[Source records]
Lemma sum_tuple_weight_ge : exists n0, forall n, (n0 <= n)%N ->
  3 / 4 <= \sum_(y : n.-tuple 'I_n) tuple_weight mu y.
Proof.
have [n0 Hn0] := partial_mean_near1 hcrit (divr_gt0 (ltr01 : (0 : R) < 1) (ltr0Sn R 3)).
exists n0 => n /Hn0 mean_near; rewrite sum_tuple_weight.
apply: le_trans (bernoulli_ineq _ (partial_mass_ge0 hmu n)).
have := tail_mass_le hmu hcrit n; lra.
Qed.

Lemma second_moment_steps_le L n : (L <= n)%N ->
  \sum_(y : n.-tuple 'I_n) tuple_weight mu y * steps_sum predT y ^+ 2
    <= n%:R * (1 + L%:R + n%:R * (1 - partial_mean mu L))
       + n%:R ^+ 2 * (partial_mean mu n - partial_mass mu n) ^+ 2.
Proof.
move=> Ln; have mass_le1 : \sum_(k < n) mu k <= 1.
  by have := partial_mass_le1 hmu n; rewrite /partial_mass big_mkord.
have := second_moment_tuple_le n (fun k : 'I_n => (k : nat)%:R - 1) (fun k => mu_ge0 hmu k)
  mass_le1.
have -> : \sum_(k < n) mu k * ((k : nat)%:R - 1) = partial_mean mu n - partial_mass mu n.
  by rewrite /partial_mean /partial_mass -sumrB big_mkord; apply: eq_bigr => k _; ring.
move=> /le_trans; apply; rewrite lerD2r ler_wpM2l //.
rewrite -(big_mkord xpredT (fun k => mu k * (k%:R - 1) ^+ 2)).
apply: le_trans (_ : \sum_(0 <= k < n) (mu k + k%:R * (k%:R * mu k)) <= _).
  apply: ler_sum_nat => k _; have := mulr_ge0 (ler0n R k) (mu_ge0 hmu k); nra.
rewrite big_split /= [X in _ + X](big_cat_nat (leq0n L) Ln) /=.
have low : \sum_(0 <= k < L) k%:R * (k%:R * mu k) <= L%:R * partial_mean mu L.
  rewrite /partial_mean mulr_sumr; apply: ler_sum_nat => k /andP[_ kL].
  by rewrite ler_wpM2r ?mulr_ge0 ?(mu_ge0 hmu) // ler_nat ltnW.
have high : \sum_(L <= k < n) k%:R * (k%:R * mu k)
    <= n%:R * (partial_mean mu n - partial_mean mu L).
  rewrite (partial_mean_split _ Ln) [partial_mean _ L + _]addrC addrK mulr_sumr.
  by apply: ler_sum_nat => k /andP[_ kn]; rewrite ler_wpM2r ?mulr_ge0 ?(mu_ge0 hmu) // ler_nat ltnW.
have : L%:R * partial_mean mu L <= L%:R by rewrite ler_piMr ?partial_mean_le1.
have : n%:R * (partial_mean mu n - partial_mean mu L) <= n%:R * (1 - partial_mean mu L).
  by rewrite ler_wpM2l // lerD2r partial_mean_le1.
have := partial_mass_le1 hmu n; rewrite /partial_mass; lra.
Qed.
Lemma hyp2F1_term_half n z k : (k <= n)%nat ->
  (2 * INR k + 1) * hyp2F1_term (- INR n) (1 / 2) (3 / 2) z k
  = Binomial.C n k * (-1) ^ k * z ^ k.
Proof.
  intros Hk. unfold hyp2F1_term, Binomial.C. rewrite poch_opp_nat_le by exact Hk.
  assert (H32 : poch (3 / 2) k = poch (1 / 2) k * (2 * INR k + 1)).
  { apply (Rmult_eq_reg_l (1 / 2)); [|lra].
    replace (3 / 2) with (1 / 2 + 1) by field. rewrite poch_shift. field. }
  rewrite H32.
  pose proof (poch_pos (1 / 2) k ltac:(lra)). pose proof (pos_INR k).
  pose proof (INR_fact_neq_0 k). pose proof (INR_fact_neq_0 (n - k)).
  field. repeat split; lra.
Qed.

Lemma one_minus_sq_pow_expansion n x :
  (1 - x ^ 2) ^ n
  = sum_n (fun k => (2 * INR k + 1) * hyp2F1_term (- INR n) (1 / 2) (3 / 2) 1 k
                   * x ^ (2 * k)) n.
Proof.
  replace (1 - x ^ 2) with (- x ^ 2 + 1) by ring.
  rewrite binomial, sum_n_Reals. apply sum_eq. intros k Hk.
  rewrite hyp2F1_term_half by exact Hk.
  rewrite !pow1, pow_mult. replace (- x ^ 2) with (-1 * x ^ 2) by ring.
  rewrite Rpow_mult_distr. ring.
Qed.

Lemma RInt_one_minus_sq_pow n a :
  RInt (fun x => (1 - x ^ 2) ^ n) 0 a = a * hyp2F1 (- INR n) (1 / 2) (3 / 2) (a ^ 2).
Proof.
  set (t := hyp2F1_term (- INR n) (1 / 2) (3 / 2) 1).
  set (F := fun y => sum_n (fun k => t k * y ^ (2 * k + 1)) n).
  assert (HF : forall y, F y = y * hyp2F1 (- INR n) (1 / 2) (3 / 2) (y ^ 2)).
  { intros y. rewrite hyp2F1_terminating. unfold F.
    rewrite <- (sum_n_mult_l (K := R_Ring)). apply sum_n_ext. intros k.
    unfold t, hyp2F1_term. rewrite <- pow_mult, pow1, Nat.add_1_r.
    change (mult y ?z) with (y * z). rewrite <- tech_pow_Rmult. simpl.
    pose proof (poch_pos (3 / 2) k ltac:(lra)). pose proof (INR_fact_neq_0 k).
    field. lra. }
  assert (HD : forall x, is_derive F x ((1 - x ^ 2) ^ n)).
  { intros x. rewrite one_minus_sq_pow_expansion.
    apply (is_derive_sum_n (fun k y => t k * y ^ (2 * k + 1))). intros k _.
    auto_derive; [auto|]. unfold t.
    replace (pred (k + (k + 0) + 1)) with (2 * k)%nat by lia.
    replace (INR (k + (k + 0) + 1)) with (2 * INR k + 1) by (rewrite !plus_INR; simpl; ring).
    ring. }
  assert (Hc : forall x, continuous (fun x => (1 - x ^ 2) ^ n) x).
  { intros x. apply continuous_of_ex_derive. auto_derive. auto. }
  pose proof (is_RInt_derive (V := R_CompleteNormedModule) F _ 0 a
                (fun x _ => HD x) (fun x _ => Hc x)) as H.
  rewrite (is_RInt_unique _ _ _ _ H), !HF. change (minus ?u ?v) with (u - v). simpl. ring.
Qed.
(* Let $\mathcal L$ be a finite relational language, $\mathcal H$ a hereditary $\mathcal L$-property, and $\{(\mathcal L_i,\mathcal H_i,\alpha_i):i\in[m]\}$ ($m\ge1$) a totally bounded cover of $\mathcal H$. Let $c=\max\{|\mathcal L_j|:j\in[m]\}$, where $|\mathcal L_j|$ is the number of symbols of $\mathcal L_j$. Then for all sufficiently large $n$, $$n^{-c}\max\{|(\mathcal H_j)_n|:j\in[m]\}\le|\mathcal H_n|\le\sum_{j\in[m]}|(\mathcal H_j)_n|.$$
   Context: A hereditary property (in any finite language) is a class of structures closed under isomorphism and substructures; $\mathcal H_n$ denotes its members with universe $[n]$; it is trivial if $\mathcal H_n=\emptyset$ for all large $n$. Totally bounded: there is $k$ such that in every member, for every relation symbol $R(x_1,\dots,x_s)$ and every partition $[s]=I\cup J$ into nonempty sets, each assignment of $\bar x_I$ has fewer than $k$ extensions to $\bar x_J$ satisfying $R$. A relational interpretation $\alpha:\mathcal L\to\mathcal L'$ assigns to each relation symbol $R(\bar x)$ of $\mathcal L$ a Boolean combination $\alpha(R)(\bar x)$ of atomic formulas built from relation symbols of $\mathcal L'$ and variables in $\bar x$; for an $\mathcal L'$-structure $\mathcal N'$, $\overline\alpha(\mathcal N')$ is the $\mathcal L$-structure with the same universe in which each $R$ is interpreted as the set defined by $\alpha(R)$ in $\mathcal N'$. For a hereditary $\mathcal L'$-property $\mathcal H'$, $\overline\alpha$ is a relational interpretation of $\mathcal H'$ in $\mathcal H$ if $\overline\alpha(\mathcal N')\in\mathcal H$ for all $\mathcal N'\in\mathcal H'$, and for all $\mathcal M',\mathcal N'\in\mathcal H'$ with the same universe, $\overline\alpha(\mathcal M')=\overline\alpha(\mathcal N')$ iff $\mathcal M'$ and $\mathcal N'$ interpret every relation symbol of $\mathcal L'$ identically. A totally bounded cover of $\mathcal H$ is a finite set $\{(\mathcal L_i,\mathcal H_i,\alpha_i):i\in[m]\}$ where each $\mathcal L_i$ is a finite language of relation and constant symbols, $\mathcal H_i$ is a totally bounded hereditary $\mathcal L_i$-property, $\alpha_i:\mathcal L\to\mathcal L_i$ is a relational interpretation with $\overline{\alpha_i}$ a relational interpretation of $\mathcal H_i$ in $\mathcal H$, and $\mathcal H=\mathcal F\cup\bigcup_{i=1}^m\{\overline{\alpha_i}(\mathcal N):\mathcal N\in\mathcal H_i\}$ for some trivial hereditary $\mathcal L$-property $\mathcal F$. *)

From HB Require Import structures.
From mathcomp Require Import all_boot all_order all_algebra.
Set Implicit Arguments. Unset Strict Implicit. Unset Printing Implicit Defensive.

Record rlang := RLang { rk : nat; rar : 'I_rk -> nat }.

Record lang := Lang { base : rlang; ncst : nat }.
Arguments rar : clear implicits.

Definition lang_size (L : lang) : nat := rk (base L) + ncst L.

Definition rstruct (L : rlang) (n : nat) :=
  {dffun forall R : 'I_(rk L), {set (rar L R).-tuple 'I_n}}.

Definition struct (L : lang) (n : nat) :=
  (rstruct (base L) n * {ffun 'I_(ncst L) -> 'I_n})%type.

(* Pullback of the relations of a structure along f : 'I_m -> 'I_n
   (for injective f this is the induced substructure on the image of f,
   transported to the universe 'I_m). *)
Definition rpull (L : rlang) m n (f : 'I_m -> 'I_n) (M : rstruct L n) : rstruct L m :=
  [ffun R => [set t : (rar L R).-tuple 'I_m | map_tuple f t \in M R]].

Definition rprop (L : rlang) := forall n, {set rstruct L n}.
Definition prop (L : lang) := forall n, {set struct L n}.

(* Hereditary: closed under isomorphism and substructures; both are captured by
   closure under pullback along injections. *)
Definition rhereditary (L : rlang) (H : rprop L) : Prop :=
  forall m n (f : 'I_m -> 'I_n), injective f ->
    forall M, M \in H n -> rpull f M \in H m.

Definition hereditary (L : lang) (H : prop L) : Prop :=
  forall m n (f : 'I_m -> 'I_n), injective f ->
    forall (M : struct L n) (M' : struct L m), M \in H n ->
      M'.1 = rpull f M.1 -> (forall c, f (M'.2 c) = M.2 c) -> M' \in H m.

Definition rtrivial (L : rlang) (H : rprop L) : Prop :=
  exists N, forall n, N <= n -> H n = set0.

Definition totally_bounded (L : lang) (H : prop L) : Prop :=
  exists k, forall n (M : struct L n), M \in H n ->
    forall (R : 'I_(rk (base L))) (I : {set 'I_(rar (base L) R)}),
      I != set0 -> I != setT ->
      forall t : (rar (base L) R).-tuple 'I_n,
        #|[set u in M.1 R | [forall i in I, tnth u i == tnth t i]]| < k.

Inductive term (nv nc : nat) :=
  | TVar of 'I_nv
  | TCst of 'I_nc.

Inductive formula (L : lang) (nv : nat) :=
  | FRel (R : 'I_(rk (base L))) of ('I_(rar (base L) R) -> term nv (ncst L))
  | FEq of term nv (ncst L) & term nv (ncst L)
  | FTrue
  | FNot of formula L nv
  | FAnd of formula L nv & formula L nv
  | FOr of formula L nv & formula L nv.

Definition evalt (L : lang) n nv (M : struct L n) (v : 'I_nv -> 'I_n)
  (t : term nv (ncst L)) : 'I_n :=
  match t with TVar i => v i | TCst c => M.2 c end.

Fixpoint evalf (L : lang) n nv (M : struct L n) (v : 'I_nv -> 'I_n)
  (f : formula L nv) : bool :=
  match f with
  | FRel R args => [tuple evalt M v (args i) | i < rar (base L) R] \in M.1 R
  | FEq a b => evalt M v a == evalt M v b
  | FTrue => true
  | FNot g => ~~ evalf M v g
  | FAnd g h => evalf M v g && evalf M v h
  | FOr g h => evalf M v g || evalf M v h
  end.

Definition rinterp (L : rlang) (L' : lang) :=
  forall R : 'I_(rk L), formula L' (rar L R).

Definition interp (L : rlang) (L' : lang) (alpha : rinterp L L') n
  (N : struct L' n) : rstruct L n :=
  [ffun R => [set t : (rar L R).-tuple 'I_n | evalf N (tnth t) (alpha R)]].

Definition is_rel_interp (L : rlang) (L' : lang) (alpha : rinterp L L')
  (H' : prop L') (H : rprop L) : Prop :=
  (forall n (N : struct L' n), N \in H' n -> interp alpha N \in H n) /\
  (forall n (M N : struct L' n), M \in H' n -> N \in H' n ->
     (interp alpha M = interp alpha N <-> M.1 = N.1)).

Definition tb_cover (L : rlang) (H : rprop L) (m : nat)
  (Ls : 'I_m -> lang) (Hs : forall i, prop (Ls i))
  (alphas : forall i, rinterp L (Ls i)) : Prop :=
  (forall i, hereditary (Hs i) /\ totally_bounded (Hs i) /\
             is_rel_interp (alphas i) (Hs i) H) /\
  exists F : rprop L, rhereditary F /\ rtrivial F /\
    forall n, H n = F n :|: \bigcup_(i < m) [set interp (alphas i) N | N in Hs i n].

From HB Require Import structures.
From mathcomp Require Import all_boot all_order all_algebra.
Import GRing.Theory Num.Theory.

(* Once the trivial part F of the cover is empty, H_n is the union of the
   images of the (H_j)_n, which gives the upper bound.  Conversely, the image of
   a member of H_j under alpha_j determines its relations, so it determines the
   member up to the interpretation of its constants, for which there are at
   most n ^ |L_j| choices: |(H_j)_n| <= n ^ c |H_n|. *)

Lemma card_bigcup_le {I T : finType} (P : pred I) (A : I -> {set T}) :
  #|\bigcup_(i | P i) A i| <= \sum_(i | P i) #|A i|.
Proof.
elim/big_rec2: _ => [|i k X _ leXk]; first by rewrite cards0.
exact: leq_trans (leq_card_setU _ X) (leq_add (leqnn _) leXk).
Qed.

Lemma card_rel_interp_le {L : rlang} {H : rprop L} {L' : lang} {H' : prop L'}
    {alpha : rinterp L L'} n :
  is_rel_interp alpha H' H -> #|H' n| <= #|H n| * n ^ ncst L'.
Proof.
move=> [alphaH alpha_inj].
pose code (N : struct L' n) := (interp alpha N, N.2).
have code_inj : {in H' n &, injective code}.
  move=> [M1 M2] [N1 N2] HM HN [eq_rel eq_cst].
  by have /= eq12 := proj1 (alpha_inj n _ _ HM HN) eq_rel; rewrite eq12 eq_cst.
rewrite -(card_in_imset code_inj).
have sub_code : code @: H' n \subset setX (H n) setT.
  by apply/subsetP => _ /imsetP[N HN ->]; rewrite !inE alphaH.
apply: leq_trans (subset_leq_card sub_code) _.
by rewrite cardsX cardsT card_ffun !card_ord.
Qed.

Lemma ler_natVXM (R : numFieldType) (a b n c : nat) :
  0 < n -> a <= b * n ^ c -> (n%:R ^- c * a%:R <= b%:R :> R)%R.
Proof.
move=> n_gt0 le_ab.
have nX_gt0 : (0 < n%:R ^+ c :> R)%R by rewrite exprn_gt0 // ltr0n.
by rewrite mulrC ler_pdivrMr // -natrX -natrM ler_nat.
Qed.

Section TotallyBoundedCover.

Context {L : rlang} {H : rprop L} {m : nat} {Ls : 'I_m -> lang}.
Context {Hs : forall i, prop (Ls i)} {alphas : forall i, rinterp L (Ls i)}.
Hypothesis cover : tb_cover H Hs alphas.

Lemma tb_cover_card_le_sum :
  exists N, forall n, N <= n -> #|H n| <= \sum_(j < m) #|Hs j n|.
Proof.
have [_ [F [_ [[N F_trivial] H_cover]]]] := cover.
exists N => n le_Nn; rewrite H_cover F_trivial // set0U.
apply: leq_trans (card_bigcup_le _ _) _.
by apply: leq_sum => j _; apply: leq_imset_card.
Qed.

Lemma tb_cover_card_ge j n (c : nat) :
  0 < n -> lang_size (Ls j) <= c -> #|Hs j n| <= #|H n| * n ^ c.
Proof.
move=> n_gt0 le_size_c; have [cover_j _] := cover.
apply: leq_trans (card_rel_interp_le n (proj2 (proj2 (cover_j j)))) _.
rewrite leq_mul2l leq_pexp2l ?orbT //.
exact: leq_trans (leq_addl _ _) le_size_c.
Qed.

End TotallyBoundedCover.

Theorem mainTheorem14 (L : rlang) (H : rprop L) (m : nat)
  (Ls : 'I_m -> lang) (Hs : forall i, prop (Ls i))
  (alphas : forall i, rinterp L (Ls i)) :
  0 < m ->
  rhereditary H ->
  tb_cover H Hs alphas ->
  let c := \max_(j < m) lang_size (Ls j) in
  exists N, forall n, N <= n ->
    ((n%:R : rat) ^- c * (\max_(j < m) #|Hs j n|)%:R <= (#|H n|)%:R)%R /\
    #|H n| <= \sum_(j < m) #|Hs j n|.
Proof.
move=> m_gt0 _ cover c.
have [N le_sum] := tb_cover_card_le_sum cover.
exists (maxn N 1) => n; rewrite geq_max => /andP[le_Nn n_gt0].
split; last exact: le_sum le_Nn.
have [|j ->] := @eq_bigmax _ (fun j => #|Hs j n|); first by rewrite card_ord.
apply: ler_natVXM => //.
exact: tb_cover_card_ge cover j n c n_gt0 (leq_bigmax j).
Qed.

• [Required action]
Would you retype exactly the lines above, from the line with "intros x. apply" to the line with "(* Let $\mathcal", with both end lines kept and nothing more?

• [Your solution]
  { intros x. apply continuous_of_ex_derive. auto_derive. auto. }
  pose proof (is_RInt_derive (V := R_CompleteNormedModule) F _ 0 a
                (fun x _ => HD x) (fun x _ => Hc x)) as H.
  rewrite (is_RInt_unique _ _ _ _ H), !HF. change (minus ?u ?v) with (u - v). simpl. ring.
Qed.
(* Let $\mathcal L$ be a finite relational language, $\mathcal H$ a hereditary $\mathcal L$-property, and $\{(\mathcal L_i,\mathcal H_i,\alpha_i):i\in[m]\}$ ($m\ge1$) a totally bounded cover of $\mathcal H$. Let $c=\max\{|\mathcal L_j|:j\in[m]\}$, where $|\mathcal L_j|$ is the number of symbols of $\mathcal L_j$. Then for all sufficiently large $n$, $$n^{-c}\max\{|(\mathcal H_j)_n|:j\in[m]\}\le|\mathcal H_n|\le\sum_{j\in[m]}|(\mathcal H_j)_n|.$$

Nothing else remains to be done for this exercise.